As ANN reported, police in London thwarted the purported attack, when on August 9, 2006 they arrested two key members of the group, Abdulla Ahmed Ali and Assad Sarwar, following several months of surveillance. In the following days, several more members of the terror cabal were detained, as aviation authorities in the US and London hurriedly enacted an outright ban on liquids transported in carry-on luggage.

That ban has since been eased, though restrictions remain on the amount of liquid allowed to be carried past security.

Ali, Sarwar, and six others are on trial this week in London.

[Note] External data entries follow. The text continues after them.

Lemma exists_selective_advance (i0 : 'I_M) l (t : R) : 0 < t ->
  exists2 s, positive_acts s & forall a, a idle = false ->
    disp a s = (if a i0 && matches a l then (t, 0) else (0, 0)) /\ full_turn (turn a s).
Proof.
move=> t0; have K0 : (0 : R) < 2 ^+ size l by rewrite exprn_gt0.
set t' := t / 2 ^+ size l; have [rho rho0 f] := full_turn_complement (t' / r).
exists (select_all l (advance i0 t' rho)).
  apply: select_all_positive; rewrite /advance -cat1s.
  by apply: positive_acts_cat; [rewrite /= andbT divr_gt0 | exact: turn_outside_positive].
move=> a h; have [E1 f1] := advanceE i0 h f; have [-> f2] := select_allE l h f1.
split => //; rewrite E1 /=; case: (a i0); case: matches; rewrite //= ?mul0r //.
by rewrite mul1r divfK // gt_eqF.
Qed.

Lemma exists_rotated (phi : R) s : positive_acts s ->
  exists2 s', positive_acts s' & forall a, a idle = false -> full_turn (turn a s) ->
    disp a s' = rot phi (disp a s) /\ full_turn (turn a s').
Proof.
move=> ps; have [rho rho0 f] := full_turn_complement (- phi).
have [rho' rho'0 f'] := full_turn_complement rho.
exists (spin rho ++ s ++ spin rho').
  by apply: (positive_acts_cat (spin_positive rho0));
    apply: (positive_acts_cat ps); exact: spin_positive.
have Erho w : rot rho w = rot phi w.
  by rewrite -[rho](addrNK phi) -rotD rot_full_turn // addrC.
move=> a h fs; split.
  rewrite !disp_cat !disp_spin // turn_spin // rotv0 Erho !addr0 !add0r.
  by case: (disp a s) => ? ?; case: (rot phi _).
rewrite !turn_cat !turn_spin //.
have -> : rho + (turn a s + rho') = turn a s + (rho + rho') by ring.
exact: full_turnD.
Qed.

Lemma exists_selective_move (i0 : 'I_M) l (t phi : R) : 0 < t ->
  exists2 s, positive_acts s & forall a, a idle = false ->
    disp a s = (if a i0 && matches a l then rot phi (t, 0) else (0, 0))
    /\ full_turn (turn a s).
Proof.
move=> t0; have [s1 p1 E1] := exists_selective_advance i0 l t0.
have [s p E] := exists_rotated phi p1; exists s => // a h.
have [D1 f1] := E1 a h; have [-> fs] := E a h f1; split => //.
by rewrite D1; case: (_ && _); rewrite ?rotv0.
Qed.

(* [w] is the sum of positive moves [w.1 + L], [w.2 + L], [L], [L] in the
   directions 0, pi/2, pi and -pi/2. *)
Lemma exists_selective_translation (i0 : 'I_M) l (w : R * R) :
  exists2 s, positive_acts s & forall a, a idle = false ->
    disp a s = (if a i0 && matches a l then w else (0, 0)) /\ full_turn (turn a s).
Proof.
pose L := `|w.1| + `|w.2| + 1.
have L0 : 0 < L by rewrite ltr_pwDr // addr_ge0.
have w1L : 0 < w.1 + L.
  by have := ler_norm (- w.1); have := normr_ge0 w.2; rewrite normrN /L; lra.
have w2L : 0 < w.2 + L.
  by have := ler_norm (- w.2); have := normr_ge0 w.1; rewrite normrN /L; lra.
have [s1 p1 E1] := exists_selective_move i0 l 0 w1L.
have [s2 p2 E2] := exists_selective_move i0 l (pi / 2) w2L.
have [s3 p3 E3] := exists_selective_move i0 l pi L0.
have [s4 p4 E4] := exists_selective_move i0 l (- (pi / 2)) L0.
exists (s1 ++ s2 ++ s3 ++ s4).
  by apply: (positive_acts_cat p1); apply: (positive_acts_cat p2);
    exact: positive_acts_cat.
move=> a h; have [D1 f1] := E1 a h; have [D2 f2] := E2 a h.
have [D3 f3] := E3 a h; have [D4 f4] := E4 a h.
split; last by do 3 apply: full_turn_cat => //.
rewrite !(disp_cat_full_turn _ f1, disp_cat_full_turn _ f2, disp_cat_full_turn _ f3).
rewrite D1 D2 D3 D4.
case: (_ && _); last by rewrite /= !addr0.
rewrite /rot /= cos0 sin0 cospi sinpi cosN sinN cos_pihalf sin_pihalf.
by apply: injective_projections => /=; ring.
Qed.

Lemma run_body_frame n (alpha : 'I_M -> 'I_n -> bool) acts x0 y0 th0 j :
  let w := disp (alpha^~ j) acts in
  [/\ (run alpha r acts (x0, y0, th0)).1.1 j = x0 j + (rot (th0 j) w).1,
      (run alpha r acts (x0, y0, th0)).1.2 j = y0 j + (rot (th0 j) w).2
    & (run alpha r acts (x0, y0, th0)).2 j = th0 j + turn (alpha^~ j) acts].
Proof.
elim: acts x0 y0 th0 => [|p s IH] x0 y0 th0; first by rewrite /= /rot; split; ring.
rewrite [run _ _ _ _]/= -/(run alpha r s _) /step.
set x1 := fun _ => _; set y1 := fun _ => _; set th1 := fun _ => _.
case: (IH x1 y1 th1) => -> -> ->.
by rewrite /x1 /y1 /th1 /= /rot cosD sinD; split; ring.
Qed.

End ActivationSequences.

Section Translations.
Variables (R : realType) (n m : nat) (alpha : 'I_m.+1 -> 'I_n -> bool) (r : R).
Hypotheses (r_gt0 : 0 < r) (alpha_std : standing_assumptions alpha).

Definition membership (k : 'I_n) : seq ('I_m.+1 * bool) :=
  [seq (i, alpha i k) | i <- enum 'I_m.+1].

Lemma matches_membership j k : matches (alpha^~ j) (membership k) = (j == k).
Proof.
case: alpha_std => inj_pattern _ _ _; apply/idP/eqP => [/allP same | ->]; last first.
  by apply/allP => _ /mapP[i _ ->]; rewrite /= eqxx.
apply: inj_pattern; apply/ffunP => i; rewrite !ffunE; apply/eqP.
exact: same (map_f _ (mem_enum _ _)).
Qed.

Lemma exists_single_translation x0 y0 th0 k (v : R * R) :
  exists2 acts, positive_acts acts & forall j,
    (run alpha r acts (x0, y0, th0)).1.1 j = x0 j + (if j == k then v.1 else 0) /\
    (run alpha r acts (x0, y0, th0)).1.2 j = y0 j + (if j == k then v.2 else 0).
Proof.
have [_ nonzero _ idle_empty] := alpha_std.
have [i0] := nonzero k; rewrite /pattern ffunE => k_in_i0.
have [acts pos E] := exists_selective_translation ord_max r_gt0 (widen_ord (leqnSn m) i0)
  (membership k) (rot (- th0 k) v).
exists acts => // j; have [D _] := E (alpha^~ j) (idle_empty j).
have [-> -> _] := run_body_frame r alpha acts x0 y0 th0 j; rewrite D matches_membership.
have [->|_] := eqVneq j k; last by rewrite andbF rotv0 /= !addr0.
rewrite k_in_i0 rotD subrr (rot_full_turn _ (full_turn0 R)).
by split.
Qed.

Lemma exists_translation_on x0 y0 th0 (d : 'I_n -> R * R) (L : seq 'I_n) : uniq L ->
  exists2 acts, positive_acts acts & forall j,
    (run alpha r acts (x0, y0, th0)).1.1 j = x0 j + (if j \in L then (d j).1 else 0) /\
    (run alpha r acts (x0, y0, th0)).1.2 j = y0 j + (if j \in L then (d j).2 else 0).
Proof.
elim: L x0 y0 th0 => [|k L IH] x0 y0 th0.
  by move=> _; exists [::] => // j /=; rewrite !addr0.
rewrite cons_uniq => /andP[kL uL].
have [a1 p1 E1] := exists_single_translation x0 y0 th0 k (d k).
case Er: (run alpha r a1 (x0, y0, th0)) E1 => [[x1 y1] th1] E1.
have [a2 p2 E2] := IH x1 y1 th1 uL.
exists (a1 ++ a2); first exact: positive_acts_cat.
move=> j; rewrite /run foldl_cat -/(run alpha r a1 _) Er -/(run alpha r a2 _).
have [-> ->] := E2 j; have [/= -> ->] := E1 j.
by rewrite in_cons; case: eqP => [->|_] /=; rewrite ?(negbTE kL) !addr0.
Qed.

According to Wright, the two men were "almost ready to put their plot into practice," and "shared a common interest" in causing as much carnage as possible.

"It was an interest in which they were actively engaged at the time of their arrest, an interest that involved inflicting heavy casualties upon an unwitting civilian population, all in the name of Islam," Wright told the court. "The means by which they intended to inflict heavy casualties upon ordinary civilians was by the carrying out of a series of coordinated and deadly explosions.

"These men were, we say, indifferent to the carnage that was likely to ensue if their plans were successful. To them, the identities of their victims was a complete irrelevance. It is the prosecution case that they intended to cause a series of explosions on board a selected number of transatlantic passenger aircraft."

Police also found several items tying the men to the plot, including syringes, materials to make homemade explosives and detonators, and personal diaries outlining the steps leading up to the attacks.

"The devices were to be smuggled on to the aircraft and detonated in flight by a suicide bomber, a bomber prepared to lose his or her life in this way," Wright said. "Inevitably, such an event would also have fatal consequences for the various passengers and crew who happened, quite by chance, to be flying to North America on the day selected by them to commit this atrocity."